(* Let $n>k\geq 1$ be integers, $r=n-k$, and let $k<d_1<d_2<\cdots<d_m\leq n-1$ be integers. Put $s_i=d_i-k+1$ for $i\in[m]$, $s=\mathrm{lcm}(s_1,\ldots,s_{m-1})$ (with $s=1$ if $m=1$), and $\ell=s\cdot s_m^n$. Let $F$ be a finite field with $|F|\geq s_m n$ and let $\lambda_{i,j}$, $i\in[n]$, $j\in[0,s_m-1]$, be $s_m n$ distinct elements of $F$. Let $\mathcal{C}_1$ be the set of all $(\bm c_1,\ldots,\bm c_n)$ with $\bm c_i=(c_{i,0},\ldots,c_{i,\ell-1})\in F^\ell$ satisfying $$\sum_{i=1}^n \lambda_{i,a_i}^{t-1} c_{i,(a,b)}=0\quad\text{for all } a\in[0,s_m^n-1],\ b\in[0,s-1],\ t\in[r].$$ Then $\mathcal{C}_1$ is an $(n,k,\ell)$ MDS array code satisfying the $(1,d_i)$-optimal repair property for every $i\in[m]$ simultaneously.
   Context: Notation: $[n]=\{1,\ldots,n\}$ and $[i,j]=\{i,i+1,\ldots,j\}$. Each $\tau\in[0,\ell-1]$ is written uniquely as $\tau=b\cdot s_m^n+\sum_{i=1}^n a_i s_m^{i-1}$ with $b\in[0,s-1]$, $a_i\in[0,s_m-1]$; we write $a=(a_1,\ldots,a_n)=\sum_i a_i s_m^{i-1}\in[0,s_m^n-1]$ and $\tau=(a,b)$, so $c_{i,(a,b)}=c_{i,\tau}$. An $(n,k,\ell)$ MDS array code over $F$ is an $F$-linear set of vectors $(\bm c_1,\ldots,\bm c_n)$, $\bm c_i\in F^\ell$ (node $i$ stores $\bm c_i$), of dimension $k\ell$, such that any $k$ of the coordinates $\bm c_i$ determine the whole codeword. For $1\leq h\leq n-k$ and $k\leq d\leq n-h$, the code has the $(h,d)$-optimal repair property if for every $h$-subset $\mathcal{H}\subseteq[n]$ of failed nodes and every $d$-subset $\mathcal{R}\subseteq[n]\setminus\mathcal{H}$ of helper nodes, there is a scheme in which each helper $j\in\mathcal{R}$ sends $\beta=\frac{h\ell}{d-k+h}$ symbols of $F$ computed from $\bm c_j$ and from these $d\beta=\frac{dh\ell}{d-k+h}$ symbols in total all $\bm c_i$, $i\in\mathcal{H}$, can be determined, for every codeword (this meets the cut-set bound $\beta\geq \frac{h\ell}{d-k+h}$ with equality). For $h=1$ this is the MSR (optimal single-node repair) property with repair degree $d$. *)

From HB Require Import structures.
From mathcomp Require Import all_boot all_order all_algebra.
Set Implicit Arguments. Unset Strict Implicit. Unset Printing Implicit Defensive.
Import GRing.Theory.
Local Open Scope ring_scope.

(* A codeword of an (n,k,ell) array code over F is a matrix c : 'M[F]_(n,ell);
   row i (0-indexed) is the content c_{i+1} stored by node i+1. *)

(* (n,k,ell) MDS array code: an F-linear set of codewords of dimension k*ell
   (for a finite field: |C| = |F|^(k ell)) such that any k nodes determine
   the whole codeword. *)
Definition is_MDS_array_code (F : finFieldType) (n k ell : nat)
  (C : pred 'M[F]_(n, ell)) : Prop :=
  [/\ C 0,
      (forall (a : F) (x y : 'M[F]_(n, ell)), C x -> C y -> C (a *: x + y)),
      #|[set c | C c]| = (#|F| ^ (k * ell))%N &
      (forall K : {set 'I_n}, #|K| = k ->
         forall c c', C c -> C c' ->
           (forall i, i \in K -> row i c = row i c') -> c = c')].

Definition repair_beta (k ell h d : nat) : nat := (h * ell %/ (d - k + h))%N.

****

### Instructions for the task
Each line of the data above must be restated word for word.

### Answer box
(* Let $n>k\geq 1$ be integers, $r=n-k$, and let $k<d_1<d_2<\cdots<d_m\leq n-1$ be integers. Put $s_i=d_i-k+1$ for $i\in[m]$, $s=\mathrm{lcm}(s_1,\ldots,s_{m-1})$ (with $s=1$ if $m=1$), and $\ell=s\cdot s_m^n$. Let $F$ be a finite field with $|F|\geq s_m n$ and let $\lambda_{i,j}$, $i\in[n]$, $j\in[0,s_m-1]$, be $s_m n$ distinct elements of $F$. Let $\mathcal{C}_1$ be the set of all $(\bm c_1,\ldots,\bm c_n)$ with $\bm c_i=(c_{i,0},\ldots,c_{i,\ell-1})\in F^\ell$ satisfying $$\sum_{i=1}^n \lambda_{i,a_i}^{t-1} c_{i,(a,b)}=0\quad\text{for all } a\in[0,s_m^n-1],\ b\in[0,s-1],\ t\in[r].$$ Then $\mathcal{C}_1$ is an $(n,k,\ell)$ MDS array code satisfying the $(1,d_i)$-optimal repair property for every $i\in[m]$ simultaneously.
   Context: Notation: $[n]=\{1,\ldots,n\}$ and $[i,j]=\{i,i+1,\ldots,j\}$. Each $\tau\in[0,\ell-1]$ is written uniquely as $\tau=b\cdot s_m^n+\sum_{i=1}^n a_i s_m^{i-1}$ with $b\in[0,s-1]$, $a_i\in[0,s_m-1]$; we write $a=(a_1,\ldots,a_n)=\sum_i a_i s_m^{i-1}\in[0,s_m^n-1]$ and $\tau=(a,b)$, so $c_{i,(a,b)}=c_{i,\tau}$. An $(n,k,\ell)$ MDS array code over $F$ is an $F$-linear set of vectors $(\bm c_1,\ldots,\bm c_n)$, $\bm c_i\in F^\ell$ (node $i$ stores $\bm c_i$), of dimension $k\ell$, such that any $k$ of the coordinates $\bm c_i$ determine the whole codeword. For $1\leq h\leq n-k$ and $k\leq d\leq n-h$, the code has the $(h,d)$-optimal repair property if for every $h$-subset $\mathcal{H}\subseteq[n]$ of failed nodes and every $d$-subset $\mathcal{R}\subseteq[n]\setminus\mathcal{H}$ of helper nodes, there is a scheme in which each helper $j\in\mathcal{R}$ sends $\beta=\frac{h\ell}{d-k+h}$ symbols of $F$ computed from $\bm c_j$ and from these $d\beta=\frac{dh\ell}{d-k+h}$ symbols in total all $\bm c_i$, $i\in\mathcal{H}$, can be determined, for every codeword (this meets the cut-set bound $\beta\geq \frac{h\ell}{d-k+h}$ with equality). For $h=1$ this is the MSR (optimal single-node repair) property with repair degree $d$. *)

From HB Require Import structures.
From mathcomp Require Import all_boot all_order all_algebra.
Set Implicit Arguments. Unset Strict Implicit. Unset Printing Implicit Defensive.
Import GRing.Theory.
Local Open Scope ring_scope.

(* A codeword of an (n,k,ell) array code over F is a matrix c : 'M[F]_(n,ell);
   row i (0-indexed) is the content c_{i+1} stored by node i+1. *)

(* (n,k,ell) MDS array code: an F-linear set of codewords of dimension k*ell
   (for a finite field: |C| = |F|^(k ell)) such that any k nodes determine
   the whole codeword. *)
Definition is_MDS_array_code (F : finFieldType) (n k ell : nat)
  (C : pred 'M[F]_(n, ell)) : Prop :=
  [/\ C 0,
      (forall (a : F) (x y : 'M[F]_(n, ell)), C x -> C y -> C (a *: x + y)),
      #|[set c | C c]| = (#|F| ^ (k * ell))%N &
      (forall K : {set 'I_n}, #|K| = k ->
         forall c c', C c -> C c' ->
           (forall i, i \in K -> row i c = row i c') -> c = c')].

Definition repair_beta (k ell h d : nat) : nat := (h * ell %/ (d - k + h))%N.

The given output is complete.